Translation © 1996 Robert Ames
There is a fundamental difference between biological experimentation with dinitrophenol in humans and what was done in the laboratories of physiologists. These last are essentially interested in hyperthermia (Andre Mayer, Leon Binet, etc.). Yet, in medicine, the doses of dinitrophenol employed do not determine any elevation of temperature. The physiological effects, observed in these conditions, differ considerably from those made by the experimenter. It is thus for example that the animal in hyperthermia presents a polypnoea [rapid, shallow breathing], a hyperglycemia, a hypoglobulinemia that one does not observe with therapeutic doses; it is because experimental hyperthermia is essentially a combustion of carbohydrates, while therapeutic hypermetabolism is mainly a combustion of lipids, as is shown by the lowering of respiratory quotient.
One shouldn't be surprised at these differences.

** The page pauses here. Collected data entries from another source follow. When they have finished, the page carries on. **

Lemma dominated_set0 : dominated_set (fun _ => 0).
Proof.
split; first by apply/c0P => e e0; exists 0%N => n _; rewrite modc0 ltW.
exists 1, 1%N; split => // t n t0 [[|i s] [_ //]] _ /= /andP[].
by rewrite modc0 mul1r ltNge ltW.
Qed.

Lemma dominated_setD b g :
  dominated_set b -> dominated_set g -> dominated_set (fun n => b n + g n).
Proof.
move=> [b_c0 [c1 [m1 [c1_gt0 m1_gt0 b_dom]]]] [g_c0 [c2 [m2 [c2_gt0 m2_gt0 g_dom]]]].
split.
  apply/c0P => e e0; have e2 : 0 < e / 2 by rewrite divr_gt0.
  have [N1 bN1] := (c0P b).1 b_c0 _ e2; have [N2 gN2] := (c0P g).1 g_c0 _ e2.
  exists (maxn N1 N2) => n; rewrite geq_max => /andP[n1 n2].
  by apply: le_trans (modcD _ _) _; rewrite (splitr e) lerD ?bN1 ?gN2.
exists (c1 + c2), (m1 + m2)%N; split; [exact: addr_gt0|by rewrite addn_gt0 m1_gt0|].
move=> t n t0 [s [us sz /allP al]].
pose p i := c1 * t < modc (b i).
pose s1 := seq.filter p s; pose s2 := seq.filter (predC p) s.
have ss : size s = (size s1 + size s2)%N by rewrite !size_filter count_predC.
pose q := (n %/ (m1 + m2))%N.
have qn : (q * (m1 + m2) <= n)%N by apply: leq_divM.
have [big1|small1] := ltnP (q * m1) (size s1).
  have : t < a ((size s1).-1 %/ m1).
    apply: b_dom => //; exists s1; rewrite filter_uniq ?filter_all //.
    by rewrite prednK //; apply: leq_ltn_trans big1.
  by move/lt_le_trans; apply; apply/a_nonincr/leq_divn_pred.
have big2 : (q * m2 < size s2)%N by move: qn sz small1; rewrite ss mulnDr; lia.
have : t < a ((size s2).-1 %/ m2).
  apply: g_dom => //; exists s2; rewrite filter_uniq //; split => //.
    by rewrite prednK //; apply: leq_ltn_trans big2.
  apply/allP => i; rewrite mem_filter /p /= -leNgt => /andP[bi iS].
  have := al i iS; rewrite /= mulrDl ltNge; apply: contraNT; rewrite -leNgt => gi.
  exact: le_trans (modcD _ _) (lerD bi gi).
by move/lt_le_trans; apply; apply/a_nonincr/leq_divn_pred.
Qed.

Lemma dominated_setZ (c : R[i]) b : dominated_set b -> dominated_set (fun n => c * b n).
Proof.
move=> [b_c0 [c1 [m1 [c1_gt0 m1_gt0 b_dom]]]].
pose k := modc c + 1.
have k_gt0 : 0 < k by rewrite ltr_pwDr // modc_ge0.
have ck : modc c <= k by rewrite lerDl.
split.
  apply/c0P => e e0; have [N bN] := (c0P b).1 b_c0 _ (divr_gt0 e0 k_gt0).
  exists N => n Nn; rewrite modcM; apply: le_trans (_ : k * modc (b n) <= e).
    by rewrite ler_wpM2r ?modc_ge0.
  by rewrite -ler_pdivlMl // mulrC bN.
exists (k * c1), m1; split; rewrite ?mulr_gt0 // => t n t0 [s [us sz /allP al]].
apply: b_dom => //; exists s; split => //; apply/allP => i iS.
have := al i iS; rewrite /= modcM ltNge; apply: contraNT; rewrite -leNgt => bi.
have ct : 0 <= c1 * t by rewrite mulr_ge0 // ltW.
by rewrite -mulrA; apply: le_trans (ler_wpM2l (modc_ge0 c) bi) (ler_wpM2r ct ck).
Qed.
(* Let $k\ge 2$, let $B=M\cup\{\omega_1,\ldots,\omega_p\}$ with $p\ge 1$ and $\omega_1,\ldots,\omega_p\in P_k\setminus M$, and let $F$ be a finite system of functions from $P_k(n)$. Then $$I_B(F)\le\left\lceil \log_{u(B)}\bigl(d(F)+1\bigr)\right\rceil .$$
   Context: Let $k\ge 2$ be an integer and $E_k=\{0,1,\ldots,k-1\}$. $P_k(n)$ denotes the set of all functions $E_k^n\to E_k$, and $P_k=\bigcup_n P_k(n)$. Tuples in $E_k^n$ are ordered componentwise: $\tilde\alpha\le\tilde\beta$ iff $\alpha_j\le\beta_j$ for all $j$. A function $f$ is monotone if $\tilde\alpha\le\tilde\beta$ implies $f(\tilde\alpha)\le f(\tilde\beta)$; $M$ is the set of all monotone functions in $P_k$ (of all arities, including constants). A basis is a set $B=M\cup\{\omega_1,\ldots,\omega_p\}$ with $p\ge1$ and $\omega_i\in P_k\setminus M$. A circuit over $B$ with inputs $x_1,\ldots,x_n$ is a finite directed acyclic graph whose source nodes are labelled by the variables $x_1,\ldots,x_n$ and each of whose other nodes (gates) is labelled by a $q$-ary function from $B$ and has $q$ ordered incoming edges; each node computes a function of $P_k(n)$ in the obvious way. A circuit realizes a system $F$ of functions of $x_1,\ldots,x_n$ if every function of $F$ is computed at some node. Gates labelled by functions of $M$ have weight $0$, gates labelled by some $\omega_i$ have weight $1$. The non-monotone complexity $I_B(S)$ of a circuit $S$ is the sum of the weights of its gates; $I_B(F)$ is the minimum of $I_B(S)$ over all circuits $S$ over $B$ realizing $F$. A chain is a sequence $\tilde\alpha_1,\ldots,\tilde\alpha_r$ of pairwise distinct tuples of $E_k^n$ with $\tilde\alpha_i\le\tilde\alpha_{i+1}$ for $i=1,\ldots,r-1$. A pair $(\tilde\alpha,\tilde\beta)$ with $\tilde\alpha\le\tilde\beta$ is a jump for a system $F$ if $f(\tilde\alpha)>f(\tilde\beta)$ for at least one $f\in F$. For a chain $C=(\tilde\alpha_1,\ldots,\tilde\alpha_r)$, the decrease $d_C(F)$ is the number of $i\in\{1,\ldots,r-1\}$ such that $(\tilde\alpha_i,\tilde\alpha_{i+1})$ is a jump for $F$. The decrease $d(F)$ is the maximum of $d_C(F)$ over all chains $C$ in $E_k^n$. For $f\in P_k(n)$ and a chain $C=(\tilde\alpha_1,\ldots,\tilde\alpha_r)$ in $E_k^n$, $u_C(f)$ is the maximum length $t$ of a subsequence $\tilde\beta_1,\ldots,\tilde\beta_t$ of $C$ (taken in the order of $C$) with $f(\tilde\beta_1)>f(\tilde\beta_2)>\cdots>f(\tilde\beta_t)$. The inversion power $u(f)$ is the maximum of $u_C(f)$ over all chains $C$ in $E_k^n$, and the inversion power of the basis is $u(B)=\max\{u(f): f\in B\}$ (note $u(B)\ge 2$ since $B$ contains a non-monotone function). *)

From HB Require Import structures.
From mathcomp Require Import all_boot.
From Stdlib Require List.

Set Implicit Arguments.
Unset Strict Implicit.
Unset Printing Implicit Defensive.

(* E_k = 'I_k ;  E_k^n = tup k n ;  P_k(n) = fn k n ;  P_k = Pk k *)
Definition tup (k n : nat) := {ffun 'I_n -> 'I_k}.
Definition fn (k n : nat) := tup k n -> 'I_k.
Definition Pk (k : nat) := {q : nat & fn k q}.

Definition tle (k n : nat) (a b : tup k n) : bool := [forall j, a j <= b j].

Definition monotoneb (k n : nat) (f : fn k n) : bool :=
  [forall a : tup k n, forall b : tup k n, tle a b ==> (f a <= f b)].

Definition inB (k : nat) (omegas : seq (Pk k)) (f : Pk k) : Prop :=
  monotoneb (projT2 f) \/ Stdlib.Lists.List.In f omegas.

(* A circuit is given in topological order: nodes 'I_n are the inputs
   x_1..x_n, then each gate adds one node; a gate on a circuit with m nodes
   has a label (a function of some arity q) and q ordered incoming edges
   from earlier nodes. *)
Record gate (k m : nat) := Gate {
  garity : nat;
  gfun : fn k garity;
  gins : 'I_garity -> 'I_m }.

Inductive circuit (k n : nat) : nat -> Type :=
| CInputs : circuit k n n
| CGate (m : nat) : circuit k n m -> gate k m -> circuit k n m.+1.

Arguments CInputs {k n}.

Fixpoint cval (k n m : nat) (C : circuit k n m) (x : tup k n) : {ffun 'I_m -> 'I_k} :=
  match C in circuit _ _ m0 return {ffun 'I_m0 -> 'I_k} with
  | CInputs => x
  | @CGate _ _ m' C' g =>
      let v := cval C' x in
      [ffun i : 'I_m'.+1 =>
        match unlift ord_max i with
        | Some j => v j
        | None => (@gfun k m' g) [ffun j => v (@gins k m' g j)]
        end]
  end.

Fixpoint cvalid (k n m : nat) (omegas : seq (Pk k)) (C : circuit k n m) : Prop :=
  match C with
  | CInputs => True
  | @CGate _ _ m' C' g => cvalid omegas C' /\ inB omegas (existT _ (@garity k m' g) (@gfun k m' g))
  end.

Fixpoint cweight (k n m : nat) (C : circuit k n m) : nat :=
  match C with
  | CInputs => 0
  | @CGate _ _ m' C' g => cweight C' + (~~ monotoneb (@gfun k m' g))
  end.

Definition realizes (k n m : nat) (C : circuit k n m) (F : seq (fn k n)) : Prop :=
  forall f, Stdlib.Lists.List.In f F -> exists i : 'I_m, forall x, cval C x i = f x.

(* I_B(F) <= c  (I_B(F) is the minimum complexity of a circuit over B
   realizing F) *)
Definition IB_le (k n : nat) (omegas : seq (Pk k)) (F : seq (fn k n)) (c : nat) : Prop :=
  exists (m : nat) (C : circuit k n m),
    [/\ cvalid omegas C, realizes C F & cweight C <= c].

Definition is_max (P : nat -> Prop) (v : nat) : Prop :=
  P v /\ forall w, P w -> w <= v.

Definition chain (k n : nat) (s : seq (tup k n)) : bool :=
  uniq s && sorted (@tle k n) s.

Definition jump (k n : nat) (F : seq (fn k n)) (a b : tup k n) : bool :=
  tle a b && has (fun f : fn k n => f b < f a) F.

Definition dC (k n : nat) (F : seq (fn k n)) (s : seq (tup k n)) : nat :=
  count (fun p => jump F p.1 p.2) (zip s (behead s)).

Definition is_decrease (k n : nat) (F : seq (fn k n)) (d : nat) : Prop :=
  is_max (fun t => exists s, chain s /\ t = dC F s) d.

(* u_C(f): longest subsequence (mask) of C on which f strictly decreases *)
Definition uC (k n : nat) (f : fn k n) (s : seq (tup k n)) : nat :=
  \max_(b : (size s).-tuple bool | sorted (fun x y => f y < f x) (mask b s))
     size (mask b s).

Definition is_inv_power (k n : nat) (f : fn k n) (v : nat) : Prop :=
  is_max (fun t => exists s, chain s /\ t = uC f s) v.

Definition is_inv_power_basis (k : nat) (omegas : seq (Pk k)) (v : nat) : Prop :=
  is_max (fun t => exists f : Pk k, inB omegas f /\ is_inv_power (projT2 f) t) v.

From HB Require Import structures.
From mathcomp Require Import all_boot zify boolp.

Set Implicit Arguments.
Unset Strict Implicit.
Unset Printing Implicit Defensive.

(* Let D x be d minus the largest decrease of a chain starting at x: D is
   monotone, takes values in [0, d] and strictly increases along every jump.
   A function that is monotone with respect to the vector of node values of a
   circuit can be added by a single monotone gate.  Feeding the chain
   a_0 < ... < a_(u-1), on which some omega strictly decreases, into an omega
   gate computes u - 1 minus one base-u digit of D at the price of one gate;
   doing this for the e = ceil(log_u (d+1)) digits of D from the top down makes
   the order of node values reverse D.  Then x <= y in node values forces
   D y <= D x, so (x, y) is no jump of F: every f in F is monotone in the node
   values and comes for free. *)

Lemma tle_refl k n : reflexive (@tle k n).
Proof. by move=> a; apply/forallP. Qed.

Lemma tle_trans k n : transitive (@tle k n).
Proof.
move=> b a c /forallP ab /forallP bc; apply/forallP => j.
exact: leq_trans (ab j) (bc j).
Qed.

Lemma tle_anti k n (a b : tup k n) : tle a b -> tle b a -> a = b.
Proof.
move=> /forallP ab /forallP ba; apply/ffunP => j; apply/val_inj/eqP.
by rewrite eqn_leq ab ba.
Qed.

Section Circuits.
Variables k n : nat.

Definition cmonotone m (C : circuit k n m) (t : tup k n -> nat) :=
  forall x y, tle (cval C x) (cval C y) -> t x <= t y.

Definition cprefix m m' (C : circuit k n m) (C' : circuit k n m') :=
  m <= m' /\ forall x (i : 'I_m) (j : 'I_m'), j = i :> nat -> cval C' x j = cval C x i.

Lemma cprefix_refl m (C : circuit k n m) : cprefix C C.
Proof. by split=> // x i j /val_inj ->. Qed.

Lemma cprefix_trans m1 m2 m3 (C1 : circuit k n m1) (C2 : circuit k n m2)
    (C3 : circuit k n m3) :
  cprefix C1 C2 -> cprefix C2 C3 -> cprefix C1 C3.
Proof.
move=> [le12 E12] [le23 E23]; split; first exact: leq_trans le12 le23.
move=> x i j ji; rewrite (E23 x (widen_ord le12 i)) //; exact: E12.
Qed.

Lemma cprefix_gate m (C : circuit k n m) g : cprefix C (CGate C g).
Proof.
split=> // x i j ji.
have -> : j = lift ord_max i by apply: val_inj; rewrite /= ji /bump leqNgt ltn_ord.
by rewrite /= ffunE liftK.
Qed.

Lemma cprefix_inputs m (C : circuit k n m) : cprefix CInputs C.
Proof.
elim: C => [|m' C IH g]; first exact: cprefix_refl.
exact: cprefix_trans IH (cprefix_gate C g).
Qed.

Lemma cval_gate_last m (C : circuit k n m) g x :
  cval (CGate C g) x ord_max = @gfun k m g [ffun j => cval C x (@gins k m g j)].
Proof. by rewrite /= ffunE unlift_none. Qed.

Lemma tle_cval_prefix m m' (C : circuit k n m) (C' : circuit k n m') x y :
  cprefix C C' -> tle (cval C' x) (cval C' y) -> tle (cval C x) (cval C y).
Proof.
move=> [le E] /forallP H; apply/forallP => i.
by have := H (widen_ord le i); rewrite !(E _ i).
Qed.

Lemma tle_cval_inputs m (C : circuit k n m) x y :
  tle (cval C x) (cval C y) -> tle x y.
Proof. exact: tle_cval_prefix (cprefix_inputs C). Qed.

Lemma cmonotone_prefix m m' (C : circuit k n m) (C' : circuit k n m') t :
  cprefix C C' -> cmonotone C t -> cmonotone C' t.
Proof. by move=> pre H x y /(tle_cval_prefix pre); apply: H. Qed.

End Circuits.

Section MonotoneGates.
Variables k' n : nat.
Local Notation k := k'.+1.
Variable omegas : seq (Pk k).

(* Relative monotonicity of f is exactly what makes the monotone function
   G z = max {f x | cval C x <= z} agree with f on the node values of C. *)
Lemma add_monotone_gate m (C : circuit k n m) (f : fn k n) :
  cvalid omegas C -> cmonotone C (fun x => f x) ->
  exists C' : circuit k n m.+1,
    [/\ cvalid omegas C', cweight C' = cweight C, cprefix C C' &
        forall x, cval C' x ord_max = f x].
Proof.
move=> VC monoC.
pose G : fn k m := fun z => inord (\max_(x | tle (cval C x) z) f x).
have GE z : G z = \max_(x | tle (cval C x) z) f x :> nat.
  by rewrite inordK // ltnS; apply/bigmax_leqP => x _; rewrite -ltnS.
have monoG : monotoneb G.
  apply/forallP => a; apply/forallP => b; apply/implyP => ab.
  rewrite !GE; apply/bigmax_leqP => x xa.
  by apply: leq_bigmax_cond; apply: tle_trans xa ab.
have Gf y : G (cval C y) = f y.
  apply/val_inj/eqP; rewrite /= GE eqn_leq; apply/andP; split.
    by apply/bigmax_leqP => x /monoC.
  by apply: leq_bigmax_cond; apply: tle_refl.
exists (CGate C (@Gate k m m G id)); split.
- by split => //; left.
- by rewrite /= monoG addn0.
- exact: cprefix_gate.
- by move=> x; rewrite cval_gate_last -[X in G X = _]/[ffun j => cval C x j] ffunK Gf.
Qed.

The clinician uses strychnine as a tonic; the experimenter employs it to cause convulsions. The clinician uses adrenaline, at titrated doses, to produce a manageable hypertension; the physiologist, with massive doses causes acute edema of the lung.
Yet, to base the clinical use of adrenaline or of strychnine on acute edema of the lung or experimental convulsions, constitutes an obvious error. It is the same for dinitrophenol.
In France, besides, one uses almost exclusively dinitrophenyl-lysidine, which, according to the same terms of the study made by Professor Pouchet, "is easy to purify by crystallization, to easily modify the first of its components from the point of view of toxicity, dissolves easily in water, and, by addition of the methylglyoxalidine (lysidine) group, favors energetically the elimination of waste."
After Professor Pouchet, we have, in our thesis [1], demonstrated the superiority of this last product; in what follows, it is by comparison with him that we will study the biology of the dinitro drugs.
We shall see, in order:
I. Their action on the basal metabolism,
II. Their visceral action,
III. Their nutritional action.
I. ACTION ON BASAL METABOLISM
After the experimental research of Magne, Mayer and Plantefol, in animals, the experiments of Cutting and Tainter has confirmed, in humans, that dinitrophenol is a drug which strongly increases the metabolism, exaggerating the oxidation process of the organism by direct action on the cellular metabolism. These authors have observed a rise of close to 20% after one hour, being able to attain 70% in ten hours and a tendency to return to normal at 24 hours if the administration of the medicine is not continued.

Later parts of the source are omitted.